Dictionary(12 unique tokens: ['human', 'interface', 'computer', 'survey', 'user']...)
{'human': 0, 'interface': 1, 'computer': 2, 'survey': 3, 'user': 4, 'system': 5, 'response': 6, 'time': 7, 'eps': 8, 'trees': 9, 'graph': 10, 'minors': 11}


In [4]:
corpus = [dictionary.doc2bow(text) for text in texts] ## здесь хранится непосрдественно векторная модель  
print(corpus)

[[(0, 1), (1, 1), (2, 1)], [(2, 1), (3, 1), (4, 1), (5, 1), (6, 1), (7, 1)], [(1, 1), (4, 1), (5, 1), (8, 1)], [(0, 1), (5, 2), (8, 1)], [(4, 1), (6, 1), (7, 1)], [(9, 1)], [(9, 1), (10, 1)], [(9, 1), (10, 1), (11, 1)], [(3, 1), (10, 1), (11, 1)]]


Снижение размерности

In [6]:
from gensim import corpora, models, similarities
lsi = models.LsiModel(corpus, id2word=dictionary, num_topics=2) ## задаем LSI модель, число тем = 2
print(lsi)

LsiModel(num_terms=12, num_topics=2, decay=1.0, chunksize=20000)


Поиск по многословному запросу

In [8]:
doc = "Human computer interaction" ##  документ – запрос
vec_bow = dictionary.doc2bow(doc.lower().split()) ## запрос – вектор
print(vec_bow)
vec_lsi = lsi[vec_bow] ##  конвертируем запрос в пространство меньшей размерности
print(vec_lsi)

[(0, 1), (2, 1)]
[(0, 0.46182100453271591), (1, 0.070027665279000173)]


In [9]:
index = similarities.MatrixSimilarity(lsi[corpus]) ##  индекс и векторное представление исходных текстов в пространстве меньшей размерности
print(index)

MatrixSimilarity<9 docs, 2 features>


In [10]:
sims = index[vec_lsi] ##  индексируем вектор документ и находим ближайшие документы 
sims = sorted(enumerate(sims), key=lambda item: -item[1])
print("Q:", doc)
for i in sims:
    print('doc', i[0], documents[i[0]], i[1])

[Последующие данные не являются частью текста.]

(* Let $u,a,b$ be positive integers with $u\le\min(a-1,b)$. Suppose integers $c_{pq},d_{pq}\in[1,a]$ ($1\le p\le u$, $1\le q\le b$) satisfy, for all $p,q$ for which the indices are in range, $$d_{pq}\ge c_{pq},\qquad c_{pq}\ge d_{p,q+1},\qquad c_{pq}>d_{p-1,q}.$$ Then there exist integers $c'_{pq},d'_{pq}$ ($1\le p\le u$, $1\le q\le b$) such that: (i) $d'_{pq}\ge c'_{pq}$ and $c'_{pq}>d'_{p-1,q}$ for all $p,q$ with indices in range; (ii) $c'_{pq}=d'_{p,q+1}$ for $1\le p\le u$, $1\le q\le b-1$; (iii) $d'_{p1}=a-u+p$ and $c'_{pb}=p$ for $1\le p\le u$; (iv) $\bigcup_p([c_{pq},d_{pq}]\cap\mathbb{Z})\subseteq\bigcup_p([c'_{pq},d'_{pq}]\cap\mathbb{Z})$ for each $q=1,\dots,b$; moreover, if this inclusion is an equality for every $q$, then $c_{pq}=c'_{pq}$ and $d_{pq}=d'_{pq}$ for all $p,q$. *)

From Stdlib Require Export ZArith Lia.
Open Scope Z_scope.

Definition union_col (u : nat) (c d : nat -> nat -> Z) (q : nat) (x : Z) : Prop :=
  exists p : nat, (1 <= p <= u)%nat /\ c p q <= x <= d p q.

(* Row p of the new configuration is the lattice path [c' p q = stair p q],
   [d' p q = stair p (q - 1)] descending from a - u + p to p: take [c p q],
   clamp it to p in the lower-right corner where that value is forced, and
   raise it just enough to exceed its upper-left neighbour.  An original
   interval is covered because, in its column, the first new interval reaching
   up to one of its points already starts below that point.

   For the equality case count points: equal unions have equal sizes, so the
   original intervals have the same total length as the new ones.  In each row
   the new lengths telescope to a - u + b, while the original ones fall short of
   it by the nonnegative slack (c p b - p) + sum_q (c p (q - 1) - d p q), where
   c p 0 = a - u + p.  Hence every slack vanishes, the original configuration is
   itself such a lattice path, and the construction returns it unchanged. *)

Local Open Scope bool_scope.
Local Open Scope Z_scope.

Lemma chain_mono (f : nat -> Z) (m n : nat) :
  (forall p, (m < p <= n)%nat -> f (p - 1)%nat <= f p) ->
  forall i j, (m <= i <= j)%nat -> (j <= n)%nat -> f i <= f j.
Proof.
  intros Hf i j Hij Hjn. induction j as [|j IH]; [replace i with 0%nat by lia; lia|].
  destruct (Nat.eq_dec i (S j)) as [->|Hne]; [lia|].
  specialize (Hf (S j) ltac:(lia)). rewrite Nat.sub_succ, Nat.sub_0_r in Hf.
  specialize (IH ltac:(lia) ltac:(lia)). lia.
Qed.

Lemma chain_strict (f : nat -> Z) (m n : nat) :
  (forall p, (m < p <= n)%nat -> f (p - 1)%nat < f p) ->
  forall i j, (m <= i <= j)%nat -> (j <= n)%nat -> f i + Z.of_nat (j - i) <= f j.
Proof.
  intros Hf i j Hij Hjn.
  enough (f i - Z.of_nat i <= f j - Z.of_nat j) by lia.
  apply (chain_mono (fun k => f k - Z.of_nat k) m n); [|lia|lia].
  intros p Hp. specialize (Hf p Hp). lia.
Qed.

Lemma first_crossing (f : nat -> Z) (n : nat) (x : Z) :
  f 0%nat < x <= f n -> exists k, (1 <= k <= n)%nat /\ f (k - 1)%nat < x <= f k.
Proof.
  induction n as [|n IH]; intros Hx; [lia|].
  destruct (Z_lt_le_dec (f n) x) as [Hlt|Hle].
  - exists (S n). rewrite Nat.sub_succ, Nat.sub_0_r. split; lia.
  - destruct IH as [k Hk]; [lia|]. exists k. split; [lia|tauto].
Qed.

Fixpoint sumZ (f : nat -> Z) (n : nat) : Z :=
  match n with O => 0 | S k => sumZ f k + f (S k) end.

Lemma sumZ_ext (f g : nat -> Z) (n : nat) :
  (forall i, (1 <= i <= n)%nat -> f i = g i) -> sumZ f n = sumZ g n.
Proof.
  induction n as [|n IH]; intros Hfg; simpl; [reflexivity|].
  rewrite (Hfg (S n)) by lia. rewrite IH; [reflexivity|].
  intros i Hi. apply Hfg. lia.
Qed.

Lemma sumZ_add (f g : nat -> Z) (n : nat) :
  sumZ (fun i => f i + g i) n = sumZ f n + sumZ g n.
Proof. induction n; simpl; lia. Qed.

Lemma sumZ_sub (f g : nat -> Z) (n : nat) :
  sumZ (fun i => f i - g i) n = sumZ f n - sumZ g n.
Proof. induction n; simpl; lia. Qed.

Lemma sumZ_swap (f : nat -> nat -> Z) (n m : nat) :
  sumZ (fun i => sumZ (fun j => f i j) m) n = sumZ (fun j => sumZ (fun i => f i j) n) m.
Proof.
  induction n as [|n IH]; simpl.
  - induction m; simpl; lia.
  - rewrite IH, <- sumZ_add. reflexivity.
Qed.

Lemma sumZ_telescope (g : nat -> Z) (n : nat) :
  sumZ (fun i => g (i - 1)%nat - g i + 1) n = g 0%nat - g n + Z.of_nat n.
Proof. induction n as [|n IH]; simpl sumZ; [lia|]. rewrite IH, Nat.sub_0_r. lia. Qed.

Lemma sumZ_nonneg (f : nat -> Z) (n : nat) :
  (forall i, (1 <= i <= n)%nat -> 0 <= f i) -> 0 <= sumZ f n.
Proof.
  induction n as [|n IH]; intros Hf; simpl; [lia|].
  specialize (IH ltac:(intros i Hi; apply Hf; lia)). specialize (Hf (S n) ltac:(lia)). lia.
Qed.

Lemma sumZ_eq0 (f : nat -> Z) (n : nat) :
  (forall i, (1 <= i <= n)%nat -> 0 <= f i) -> sumZ f n = 0 ->
  forall i, (1 <= i <= n)%nat -> f i = 0.
Proof.
  induction n as [|n IH]; intros Hf Hsum i Hi; simpl in Hsum; [lia|].
  assert (0 <= sumZ f n) by (apply sumZ_nonneg; intros k Hk; apply Hf; lia).
  assert (0 <= f (S n)) by (apply Hf; lia).
  destruct (Nat.eq_dec i (S n)) as [->|Hne]; [lia|].
  apply IH; [intros k Hk; apply Hf; lia | lia | lia].
Qed.

Fixpoint count_upto (f : Z -> bool) (n : nat) : Z :=
  match n with
  | O => 0
  | S k => count_upto f k + (if f (Z.of_nat (S k)) then 1 else 0)
  end.

Lemma count_upto_ext (f g : Z -> bool) (n : nat) :
  (forall x, f x = g x) -> count_upto f n = count_upto g n.
Proof. intros Hfg. induction n as [|n IH]; simpl; [reflexivity|]. now rewrite IH, Hfg. Qed.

Q: Human computer interaction
doc 2 The EPS user interface management system 0.998445
doc 0 Human machine interface for lab abc computer applications 0.998093
doc 3 System and human system engineering testing of EPS 0.986589
doc 1 A survey of user opinion of computer system response time 0.937486
doc 4 Relation of user perceived response time to error measurement 0.907559
doc 8 Graph minors A survey 0.0500418
doc 7 Graph minors IV Widths of trees and well quasi ordering -0.0987946
doc 6 The intersection graph of paths in trees -0.106393
doc 5 The generation of random binary unordered trees -0.124168


In [11]:
lsi.show_topics(2)

[(0,
  '0.644*"system" + 0.404*"user" + 0.301*"eps" + 0.265*"response" + 0.265*"time" + 0.240*"computer" + 0.221*"human" + 0.206*"survey" + 0.198*"interface" + 0.036*"graph"'),
 (1,
  '-0.623*"graph" + -0.490*"trees" + -0.451*"minors" + -0.274*"survey" + 0.167*"system" + 0.141*"eps" + 0.113*"human" + -0.107*"response" + -0.107*"time" + 0.072*"interface"')]